I have a depth image from a Kinect taken at an angle. I would like to have this data set as though the view were top-down. I think this is just a transformation from the actual POV (which is not known but can be derived from the data) to a virtual POV with the eye(s) directly above each point.

An OF user did this (or something similar) in the past and pointed to his code here: https://github.com/kylemcdonald/DohaInstallation/blob/master/addons/ofxVirtualCamera/ofxVirtualCamera.cpp

However, I’ve never coded OF before, my C/C++ is rusty, and this addon doesn’t seem to be supported (no example code, not install.xml, etc.)

Trying to dig through the API docs (I’m almost instantly lost) I did find RangeImage and it seems like this class might either be a place to start. I think inputs are point clouds not depth images, but if I can convert my depth image to a point cloud, then maybe RangeImage can do the transformation and output the desired result?

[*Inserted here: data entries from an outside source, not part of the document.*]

(** Undominated reports exist: against the all-zero profile the winning
    probability is continuous on the compact cube of reports, so it has a
    maximiser, which no report can strictly dominate. *)
Lemma exists_undominated n m (C : 'rV[R]_n -> R) (eta : R) (i : 'I_n) (p : 'rV[R]_m) :
  (forall x, differentiable (partial i C) x) -> exists r, undominated (ftrl C eta) i p r.
Proof.
move=> dF.
pose win r := expected_mech (ftrl C eta) (replace_row i r 0) p ord0 i.
pose cube := [set r : 'rV[R]_m | in_unit_cube r].
have cube0 k : in_unit_cube (0 : 'M[R]_(k, m)) by move=> j t; rewrite mxE lexx ler01.
have cube_compact : compact cube.
  have -> : cube = [set r : 'rV[R]_m | forall t, `[0, 1]%classic (r ord0 t)].
    apply/seteqP; split => r /= hr.
    - by move=> t; have := hr ord0 t; rewrite /= in_itv.
    - by move=> j t; rewrite (ord1 j); have := hr t; rewrite /= in_itv.
  by apply: (@rV_compact R m (fun=> `[0, 1]%classic)) => t; exact: segment_compact.
have win_cont : {within cube, continuous win}.
  apply: continuous_subspaceT => r; apply: differentiable_continuous.
  rewrite (_ : win = fun r => \sum_(y : outcome m) outcome_prob p y *
                      partial i C (eta *: scores (replace_row i r 0) y)).
    apply: differentiable_bigsum => y; apply: differentiableM.
      exact: differentiable_cst.
    apply: (differentiable_comp (g := partial i C)) => //.
    exact/differentiableZ/differentiable_scores.
  by apply/funext => r'; rewrite /win win_probE.
have [c cube_c c_max] := compact_EVT_max (ex_intro _ _ (cube0 1 : cube 0)) cube_compact win_cont.
exists c; split; first by rewrite inE in cube_c.
move=> [rhat [cube_rhat rhat_dom]].
have := rhat_dom 0 (cube0 n); rewrite ltNge.
by move/negP; apply; exact: c_max (mem_set cube_rhat).
Qed.

End Truthfulness.

(** Main theorem (only [beta * eta <= 1] is needed from the bound on [eta]). *)
Theorem mainTheorem7 (R : realType) (n m : nat) (Rg : 'rV[R]_n -> R)
  (alpha beta eta : R) :
  0 < alpha -> 0 < beta ->
  regularizer Rg -> condition1 (conjugate Rg) alpha beta ->
  0 < eta -> eta < Num.min (alpha / 2) (1 / beta) ->
  approx_truthful (ftrl (m := m) (conjugate Rg) eta) ((beta + 1) * eta).
Proof.
move=> _ beta0 _ [[_ dC _] _ d2_pos logLip] eta0 eta_lt.
have be1 : beta * eta <= 1.
  move: eta_lt; rewrite lt_min => /andP[_ eta_lt].
  have : beta * eta < beta * (1 / beta) by rewrite ltr_pM2l.
  by rewrite mul1r mulfV ?gt_eqF // => /ltW.
move=> i p hp; split; first exact: exists_undominated.
move=> r.
exact: undominated_near_belief (dC i) (d2_pos^~ i) (fun x x' => logLip x x' i) eta0 beta0 be1 hp.
Qed.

Any hints or advice on how to go about doing this would be much appreciated. I would like to perform this operation on tens of thousands of frames. I have no desire to display the results graphically, other code will take the output and do the analysis. It is just that the analysis can only be done if the data is acquired looking straight down.

Thanks,

-k.

Unless I’m misunderstanding, a lot of what you’re looking to do could be done by creating a mesh and rotating it? If that’s the case you can create an ofMesh instance, adding the vertices of all the points from the Kinect, and then either rotate the mesh, or using the ofCamera (or ofEasyCam) and set the view that way. Not sure if that’s helpful or just more confusing.

In point cloud form it is, I think, just a rotate. From the depth-image it is more than a rotate, because there are offsets between the pixels that turn into shadows, or multiple pixels compress to one, or even get removed. For example, if the original POV looked under an overhang, those pixels need to be removed when re-projecting from a top-down view.

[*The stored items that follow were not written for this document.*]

Lemma unit_square_zero_sum_lift (Y : nat -> nat) s e u : s <= u < e -> ~~ (p %| Y u) ->
  unit_square_zero_sum p Y s e -> unit_square_zero_sum (p ^ 2) Y s e.
Proof.
move=> u_in Yu [C [C_unit]]; set S := \sum_(s <= k < e) _ => pS.
have p_gt0 := prime_gt0 p_pr.
have p2 : ~~ (p %| 2) by rewrite dvdn_prime2 //; apply: contraL p_odd => /eqP->.
have unit_u : ~~ (p %| 2 * C u * Y u).
  by rewrite !Euclid_dvdM // (negbTE p2) (negbTE (C_unit u u_in)) (negbTE Yu).
have [r pr] := linear_root_modp p_pr (S %/ p) unit_u.
(* Hensel: replacing C u by C u + p r changes S by p (2 r C u Y u) modulo p^2 *)
exists (fun k => if k == u then C u + p * r else C k); split.
  by move=> k /C_unit; case: eqP => [-> | //]; rewrite dvdn_addl ?dvdn_mulr.
rewrite (eq_bigr (fun k => C k ^ 2 * Y k +
   (if k == u then (2 * C u * p * r + p ^ 2 * r ^ 2) * Y u else 0))); last first.
  by move=> k _; case: eqP => [-> | _]; [ring | rewrite addn0].
rewrite big_split /= -/S -big_mkcond /= big_nat1_eq u_in.
have -> : S + (2 * C u * p * r + p ^ 2 * r ^ 2) * Y u =
    p * (S %/ p + r * (2 * C u * Y u)) + p ^ 2 * (r ^ 2 * Y u).
  by rewrite {1}(divn_eq S p) (eqP pS) addn0; ring.
apply: dvdn_add; first by rewrite expnS expn1 dvdn_pmul2l.
exact: dvdn_mulr.
Qed.

Lemma unit_square_zero_sum_support (Y C : nat -> nat) (Q : seq nat) s e :
  uniq Q -> {subset Q <= index_iota s e} ->
  (forall k, s <= k < e -> k \notin Q -> p %| Y k) -> (forall k, ~~ (p %| C k)) ->
  p %| \sum_(k <- Q) C k ^ 2 * Y k -> unit_square_zero_sum p Y s e.
Proof.
move=> Q_uniq Q_sub Y_off C_unit pQ; exists C; split=> [k _ | ]; first exact: C_unit.
rewrite (bigID (mem Q)) /= dvdn_add //; last first.
  by rewrite big_nat_cond dvdn_sum // => k /andP[k_in kQ]; rewrite dvdn_mull ?Y_off.
rewrite -big_filter (perm_big Q) //; apply: uniq_perm; rewrite ?filter_uniq ?iota_uniq //.
by move=> k; rewrite mem_filter andb_idr //; apply: Q_sub.
Qed.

I can understand in my head some of mathematical operations I need to do:

  1. Assume the camera is at (0,0,0) and looking, for example, horizontally to the north
  2. Convert the depth image to a point cloud, so I have 640*480 (307200) points, presumably 3 vectors X,Y, and Z
  3. Define the plane which is truly horizontal. Currently I do this by finding fitting a plane to the surface and minimizing the errors. In the future, a cup of water will be in the scene, where the water surface defines “horizontal”

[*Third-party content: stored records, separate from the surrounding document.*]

(** The measure hat mu_q: d hat mu_q = d mu / (1+|x|)^q on X, hat mu_q({oo}) = 0. *)
Definition sph_measure {dsp : measure_display} {T : measurableType dsp}
    (dist : T -> T -> R) (a : T) (mu : set T -> \bar R) (q : R)
    (E : set (option T)) : \bar R :=
  (\int[mu]_(x in [set x | E (Some x)]) (((1 + dist x a) `^ q)^-1)%:E)%E.

End Defs.

From HB Require Import structures.
From mathcomp Require Import all_boot all_order all_algebra.
From mathcomp Require Import all_classical all_reals all_analysis.
From mathcomp Require Import measurable_realfun.
From mathcomp Require Import ring lra.
Import Order.TTheory GRing.Theory Num.Theory.
Local Open Scope classical_set_scope.
Local Open Scope ring_scope.

(* Write |x| = d(x,a) and d_a(u,oo) = 1/(1+|u|).  This quantity is 1-Lipschitz
   for the sphericalized distance, and a chain staying at distance >= m from oo
   has each link at least m^2 times its length in X.  Hence, for a ball of
   radius r around x with r <~ 1/(1+|x|), the sphericalized ball and the ball
   of X of radius comparable to r (1+|x|)^2 contain each other, the density
   (1+|y|)^(-2Q) is comparable to (1+|x|)^(-2Q) there, and Ahlfors regularity
   of mu gives a measure ~ r^Q: the choice q = 2Q makes the powers of 1+|x|
   cancel.  A ball of radius r >~ 1/(1+|c|) lies in {1+|y| > 1/(3r)}, whose
   measure is O(r^Q) by summing over dyadic annuli; it also contains the ball
   of X of radius 2/r around a point z with |z| ~ 4/r, and such a point exists
   because Ahlfors regularity forces annuli of a fixed ratio to be nonempty. *)

Section chains.
Context {R : realType} {S : Type} {f : S -> S -> R}.

Lemma chain_len_cat u s1 v s2 w :
  chain_len f u (s1 ++ v :: s2) w = chain_len f u s1 v + chain_len f v s2 w.
Proof. by elim: s1 u => [|z s IH] u //=; rewrite IH addrA. Qed.

Lemma chain_len_ge0 :
  (forall x y, 0 <= f x y) -> forall u s v, 0 <= chain_len f u s v.
Proof.
move=> f0 u s v; elim: s u => [|z s IH] u /=; first exact: f0.
by rewrite addr_ge0.
Qed.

Now it gets a bit fuzzy for me. I think the remaining steps are:

  1. For each point find the transformation from the actual POV to the virtual POV, normal to the horizontal plane, and above the point
  2. Perform the rotate (and translate?) (presumably with a(n) existing OF function(S))
  3. Find the projection of the points onto the new surface (deal with situations like walls and overhangs where multiple points get removed or averaged to one)
  4. Write out the new data

Ok, I get it. I think you want something like:

  
ofMatrix4x4 rot, trans;  
rot.makeRotationMatrix( 90, kinectPosition ); // rotate around the current position  
trans.makeTranslationMatrix( 0, yTrans, zTrans ); // move up and over  
  
ofVec3f newPoint = oldPoint * rot * trans;  

That just flips the point over though and won’t be insufficient if you want to account for the actual view and optics of the camera. I’m not sure I have much to suggest on the occlusion stuff unfortunately.